WHAT YOU ARE ASKED TO DO =
Set down exactly the lines of the records from the top to the line containing "Definition signature (n"; include both.

EXTRACTED ENTRIES =
(* Let $V$ be a Seifert matrix and let $\omega,\omega'$ be unit complex numbers that are roots of the same irreducible polynomial over $\mathbb{Q}$. Then $\sigma_\omega(V)\equiv\sigma_{\omega'}(V)\pmod 2$. In particular, if $\omega_p\in S$ is a root of an irreducible rational polynomial having another root $\omega\in S$, no Seifert matrix $V$ (metabolic or not) can have $\sigma_{\omega_p}(V)$ odd while $\sigma_{\omega}(V)=0$.
   Context: A Seifert matrix is a square integral matrix $V$ with $\det(V-V^T)=\pm1$; for a unit complex number $\omega$, $\sigma_\omega(V)$ is the signature of the Hermitian matrix $(1-\omega)V+(1-\bar\omega)V^T$. $S$ is the set of unit complex numbers with positive imaginary part. *)

From HB Require Import structures.
From mathcomp Require Import all_boot all_order all_algebra all_field.
Set Implicit Arguments. Unset Strict Implicit. Unset Printing Implicit Defensive.
Import Order.TTheory GRing.Theory Num.Theory.
Local Open Scope ring_scope.

(* Complex numbers are modelled by algC (algebraic complex numbers); every
   number considered in the theorem is a root of a nonzero rational
   polynomial, hence algebraic. *)

Definition eigenvalues (C : closedFieldType) (n : nat) (A : 'M[C]_n) : seq C :=
  sval (closed_field_poly_normal (char_poly A)).

Definition signature (n : nat) (A : 'M[algC]_n) : int :=
  (count (fun x : algC => 0 < x) (eigenvalues A))%:Z
  - (count (fun x : algC => x < 0) (eigenvalues A))%:Z.

Definition seifert_matrix (n : nat) (V : 'M[int]_n) : Prop :=
  \det (V - V^T) = 1 \/ \det (V - V^T) = -1.

Definition sigma_omega (n : nat) (w : algC) (V : 'M[int]_n) : int :=
  let VC := map_mx (fun z : int => z%:~R : algC) V in
  signature ((1 - w) *: VC + (1 - w^*) *: VC^T).

Definition in_S (w : algC) : Prop := `|w| = 1 /\ 0 < 'Im w.

From HB Require Import structures.
From mathcomp Require Import all_boot all_order all_algebra all_field.
From mathcomp Require Import zify ring.

Set Implicit Arguments.
Unset Strict Implicit.
Unset Printing Implicit Defensive.
Import Order.TTheory GRing.Theory Num.Theory.
Local Open Scope ring_scope.

(* The signature of a Hermitian matrix has the parity of its rank, since the
   nonzero eigenvalues are real.  For |w| = 1 and w <> 1 the Hermitian form
   (1 - w) V + (1 - w^* ) V^T is a nonzero multiple of A(w) = w V - V^T, the
   Alexander matrix evaluated at w.  The rank of A(w) is the size of its
   largest nonvanishing minor, and whether a minor of A vanishes at w only
   depends on the minimal polynomial of w over Q. *)

Section RankMinors.

Variable F : fieldType.

Lemma rank_diag_mx n (d : 'rV[F]_n) :
  \rank (diag_mx d) = #|[pred i | d ord0 i != 0]|.
Proof.
rewrite -sum1_card big_mkcond /=.
elim: n d => [|n IH] d; first by rewrite big_ord0 flatmx0 mxrank0.
have := rank_diag_block_mx (diag_mx (lsubmx (d : 'rV_(1 + n))))
                           (diag_mx (rsubmx (d : 'rV_(1 + n)))).
rewrite -diag_mx_row hsubmxK IH => ->.
rewrite big_ord_recl !inE; congr addn.
  have -> : diag_mx (lsubmx (d : 'rV_(1 + n))) = (d ord0 ord0)%:M.
    apply/matrixP => i j; rewrite !ord1 !mxE.
    by congr (d _ _ *+ _); apply: val_inj.
  have [->|d0] := eqVneq (d ord0 ord0) 0; first by rewrite raddf0 mxrank0.
  by rewrite -scalemx1 mxrank_scale_nz ?mxrank1.
apply: eq_bigr => i _; rewrite !inE mxE.
by congr (if d _ _ != _ then _ else _); apply: val_inj.
Qed.

Lemma char_poly_similar n (P A : 'M[F]_n) : P \in unitmx ->
  char_poly (invmx P *m A *m P) = char_poly A.
Proof.
move=> Pu; rewrite /char_poly /char_poly_mx.
have -> : 'X%:M - map_mx polyC (invmx P *m A *m P) =
    map_mx polyC (invmx P) *m ('X%:M - map_mx polyC A) *m map_mx polyC P.
  rewrite !map_mxM mulmxBr mulmxBl mul_mx_scalar; congr (_ - _).
  by rewrite -scalemxAl -map_mxM mulVmx // map_mx1 scalemx1.
rewrite !det_mulmx mulrAC !det_map_mx -rmorphM -det_mulmx mulVmx //.
by rewrite det1 mul1r.
Qed.

Lemma exists_rank_minor_neq0 m n (A : 'M[F]_(m, n)) :
  exists (f : 'I_(\rank A) -> 'I_m) (g : 'I_(\rank A) -> 'I_n),
    \det (mxsub f g A) != 0.
Proof.
pose f := maxrankfun A.
have fullT : row_full (rowsub f A)^T.
  by rewrite /row_full mxrank_tr; exact: maxrowsub_free.
exists f, (fullrankfun fullT).
have := fullrowsub_unit fullT; rewrite unitmxE unitfE.
have -> : rowsub (fullrankfun fullT) (rowsub f A)^T =
          (mxsub f (fullrankfun fullT) A)^T by apply/matrixP => i j; rewrite !mxE.
by rewrite det_tr.
Qed.

Lemma mxrank_mxsub m n m' n' (f : 'I_m' -> 'I_m) (g : 'I_n' -> 'I_n)
    (A : 'M[F]_(m, n)) :
  (\rank (mxsub f g A) <= \rank A)%N.
Proof.
rewrite mxsubrc rowsubE -[X in colsub _ X]mulmx1 -mulmx_colsub.
exact: leq_trans (mxrankM_maxr _ _) (mxrankM_maxl _ _).
Qed.

Lemma eq_mxrank_minors m n (A B : 'M[F]_(m, n)) :
  (forall k (f : 'I_k -> 'I_m) (g : 'I_k -> 'I_n),
      (\det (mxsub f g A) == 0) = (\det (mxsub f g B) == 0)) ->
  \rank A = \rank B.
Proof.
suff le_rank (A1 A2 : 'M[F]_(m, n)) :
    (forall k (f : 'I_k -> 'I_m) (g : 'I_k -> 'I_n),
        (\det (mxsub f g A1) == 0) = (\det (mxsub f g A2) == 0)) ->
    (\rank A1 <= \rank A2)%N.
  by move=> eqAB; apply/eqP; rewrite eqn_leq !le_rank // => k f g; rewrite eqAB.
move=> eqA12; have [f [g]] := exists_rank_minor_neq0 A1; rewrite eqA12 => minor_nz.
have /mxrank_unit <- : mxsub f g A2 \in unitmx by rewrite unitmxE unitfE.
exact: mxrank_mxsub.
Qed.

End RankMinors.

Section Signature.

Variable C : numClosedFieldType.

Lemma count_neq0_real (s : seq C) : all (mem Num.real) s ->
  count (fun x : C => x != 0) s =
    (count (fun x : C => (0 < x)%R) s + count (fun x : C => (x < 0)%R) s)%N.
Proof.
elim: s => [|x s IH] //= /andP[xr /IH ->].
by case: (real_ltgtP xr (real0 C)); rewrite /= ?add0n ?add1n ?addnS ?addSn.
Qed.

Lemma eigenvalues_normalmx n (A : 'M[C]_n) : A \is normalmx ->
  perm_eq (eigenvalues A) [seq spectral_diag A ord0 i | i <- enum 'I_n].
Proof.
move/orthomx_spectralP => AE.
have charA : char_poly A = \prod_(i < n) ('X - (spectral_diag A ord0 i)%:P).
  rewrite {1}AE char_poly_similar ?spectral_unit // char_poly_trig ?diag_mx_is_trig //.
  by apply: eq_bigr => i _; rewrite mxE eqxx mulr1n.
apply: prod_XsubC_eq; rewrite big_map big_enum /= -charA.
rewrite /eigenvalues; case: closed_field_poly_normal => r /= ->.
by rewrite (monicP (char_poly_monic A)) scale1r.
Qed.

Lemma mxrank_normalmx n (A : 'M[C]_n) : A \is normalmx ->
  \rank A = #|[pred i | spectral_diag A ord0 i != 0]|.
Proof.
move/orthomx_spectralP => AE.
have Pu : spectralmx A \in unitmx := spectral_unit A.
rewrite {1}AE mxrankMfree ?row_free_unit //.
by rewrite (eqmxMfull _ _) ?row_full_unit ?unitmx_inv // rank_diag_mx.
Qed.

End Signature.

Lemma signature_mxrank_mod2 n (H : 'M[algC]_n) : H \is hermsymmx ->
  (signature H = (\rank H)%:Z %[mod 2])%Z.
Proof.
move=> Hherm; have Hnormal := hermitian_normalmx Hherm.
have eigH := eigenvalues_normalmx Hnormal.
have real_eigH : all (mem Num.real) (eigenvalues H).
  rewrite (perm_all _ eigH); apply/allP => x /mapP[i _ ->].
  by have /mxOverP := hermitian_spectral_diag_real Hherm; apply.
have rankH : \rank H = count (fun x => x != 0) (eigenvalues H).
  by rewrite mxrank_normalmx // (permP eigH) count_map -size_filter cardE enumT.
rewrite /signature rankH count_neq0_real // PoszD.
set a := count _ _; set b := count _ _.
by rewrite -(modzMDl b (a%:Z - b%:Z) 2); congr (_ %% _)%Z; lia.
Qed.

Definition commr_ratr (z : algC) : commr_rmorph ratr z := fun a => mulrC _ _.

Section Conjugates.

Variables (p : {poly rat}) (x y : algC).
Hypotheses (p_irr : irreducible_poly p)
  (px : root (map_poly ratr p) x) (py : root (map_poly ratr p) y).

Lemma irreducible_root_dvdp (z : algC) : root (map_poly ratr p) z ->
  forall q : {poly rat}, root (map_poly ratr q) z = (p %| q).
Proof.
move=> pz q; have [pmin _ minP] := minCpolyP z.
have pmin_nconst : size pmin != 1.
  by have := minP 1; rewrite rmorph1 dvdp1 => <-; exact: root1.
have pmin_p : pmin %= p by case: p_irr => _; apply => //; rewrite -minP.
by rewrite minP (eqp_dvdl _ pmin_p).
Qed.

Lemma root_conjugate (q : {poly rat}) :
  root (map_poly ratr q) x = root (map_poly ratr q) y.
Proof. by rewrite (irreducible_root_dvdp px) (irreducible_root_dvdp py). Qed.

Lemma mxrank_horner_conjugate m n (A : 'M[{poly rat}]_(m, n)) :
  \rank (map_mx (horner_morph (commr_ratr x)) A) =
  \rank (map_mx (horner_morph (commr_ratr y)) A).
Proof.
apply: eq_mxrank_minors => k f g; rewrite -!map_mxsub !det_map_mx.
exact: root_conjugate.
Qed.

End Conjugates.

Definition seifert_form n (V : 'M[int]_n) (w : algC) : 'M[algC]_n :=
  let VC := map_mx (fun z : int => z%:~R : algC) V in
  (1 - w) *: VC + (1 - w^*) *: VC^T.

Definition alexander_mx n (V : 'M[int]_n) : 'M[{poly rat}]_n :=
  \matrix_(i, j) ('X * (V i j)%:~R%:P - (V j i)%:~R%:P).

Lemma seifert_form_herm n (V : 'M[int]_n) w : seifert_form V w \is hermsymmx.
Proof.
apply/is_hermitianmxP; rewrite expr0 scale1r.
apply/matrixP => i j; rewrite !mxE.
by rewrite rmorphD !rmorphM /= !rmorphB /= rmorph1 conjCK !rmorph_int addrC.
Qed.

Lemma seifert_form_alexander n (V : 'M[int]_n) w : `|w| = 1 ->
  seifert_form V w =
  ((1 - w) / w) *: map_mx (horner_morph (commr_ratr w)) (alexander_mx V).
Proof.
move=> w_unit; have w0 : w != 0 by rewrite -normr_eq0 w_unit oner_eq0.
have wV : w^* = w^-1 by rewrite invC_norm w_unit expr1n invr1 mul1r.
apply/matrixP => i j; rewrite !mxE wV rmorphB rmorphM /= horner_morphX.
by rewrite !horner_morphC !rmorph_int; field.
Qed.

Lemma sigma_omega_conjugate_mod2 n (V : 'M[int]_n) (w w' : algC) (p : {poly rat}) :
  `|w| = 1 -> `|w'| = 1 -> irreducible_poly p ->
  root (map_poly ratr p) w -> root (map_poly ratr p) w' ->
  (sigma_omega w V = sigma_omega w' V %[mod 2])%Z.
Proof.
move=> w_unit w'_unit p_irr pw pw'.
have root_XsubC1 (z : algC) : root (map_poly ratr ('X - 1)) z = (z == 1).
  by rewrite rmorphB /= map_polyX rmorph1 root_XsubC.
have w1E := root_conjugate p_irr pw pw' ('X - 1).
rewrite !root_XsubC1 in w1E.
have [w1|w_neq1] := eqVneq w 1; first by move: w1E; rewrite w1 eqxx => /esym/eqP->.
have w'_neq1 : w' != 1 by rewrite -w1E.
have rank_form (z : algC) : `|z| = 1 -> z != 1 -> \rank (seifert_form V z) =
    \rank (map_mx (horner_morph (commr_ratr z)) (alexander_mx V)).
  move=> z_unit z_neq1; rewrite seifert_form_alexander // mxrank_scale_nz //.
  have z0 : z != 0 by rewrite -normr_eq0 z_unit oner_eq0.
  by rewrite mulf_neq0 ?invr_eq0 // subr_eq0 eq_sym.
rewrite /sigma_omega -/(seifert_form V w) -/(seifert_form V w').
rewrite !signature_mxrank_mod2 ?seifert_form_herm // !rank_form //.
by rewrite (mxrank_horner_conjugate p_irr pw pw').
Qed.

Theorem mainTheorem8 :
  (forall (n : nat) (V : 'M[int]_n) (w w' : algC) (p : {poly rat}),
      seifert_matrix V ->
      `|w| = 1 -> `|w'| = 1 ->
      irreducible_poly p ->
      root (map_poly ratr p) w -> root (map_poly ratr p) w' ->
      (sigma_omega w V = sigma_omega w' V %[mod 2])%Z)
  /\
  (forall (wp w : algC) (p : {poly rat}),
      in_S wp -> in_S w -> w != wp ->
      irreducible_poly p ->
      root (map_poly ratr p) wp -> root (map_poly ratr p) w ->
      forall (n : nat) (V : 'M[int]_n),
        seifert_matrix V ->
        ~ (~~ (2 %| sigma_omega wp V)%Z /\ sigma_omega w V = 0)).
Proof.
split=> [n V w w' p _|wp w p [wp_unit _] [w_unit _] _ p_irr pwp pw n V _ [odd_wp w0]].
  exact: sigma_omega_conjugate_mod2.
have := sigma_omega_conjugate_mod2 V wp_unit w_unit p_irr pwp pw.
by rewrite w0 mod0z => /dvdz_mod0P; apply/negP.
Qed.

EXERCISE OUTPUT =
(* Let $V$ be a Seifert matrix and let $\omega,\omega'$ be unit complex numbers that are roots of the same irreducible polynomial over $\mathbb{Q}$. Then $\sigma_\omega(V)\equiv\sigma_{\omega'}(V)\pmod 2$. In particular, if $\omega_p\in S$ is a root of an irreducible rational polynomial having another root $\omega\in S$, no Seifert matrix $V$ (metabolic or not) can have $\sigma_{\omega_p}(V)$ odd while $\sigma_{\omega}(V)=0$.
   Context: A Seifert matrix is a square integral matrix $V$ with $\det(V-V^T)=\pm1$; for a unit complex number $\omega$, $\sigma_\omega(V)$ is the signature of the Hermitian matrix $(1-\omega)V+(1-\bar\omega)V^T$. $S$ is the set of unit complex numbers with positive imaginary part. *)

From HB Require Import structures.
From mathcomp Require Import all_boot all_order all_algebra all_field.
Set Implicit Arguments. Unset Strict Implicit. Unset Printing Implicit Defensive.
Import Order.TTheory GRing.Theory Num.Theory.
Local Open Scope ring_scope.

(* Complex numbers are modelled by algC (algebraic complex numbers); every
   number considered in the theorem is a root of a nonzero rational
   polynomial, hence algebraic. *)

Definition eigenvalues (C : closedFieldType) (n : nat) (A : 'M[C]_n) : seq C :=
  sval (closed_field_poly_normal (char_poly A)).

Definition signature (n : nat) (A : 'M[algC]_n) : int :=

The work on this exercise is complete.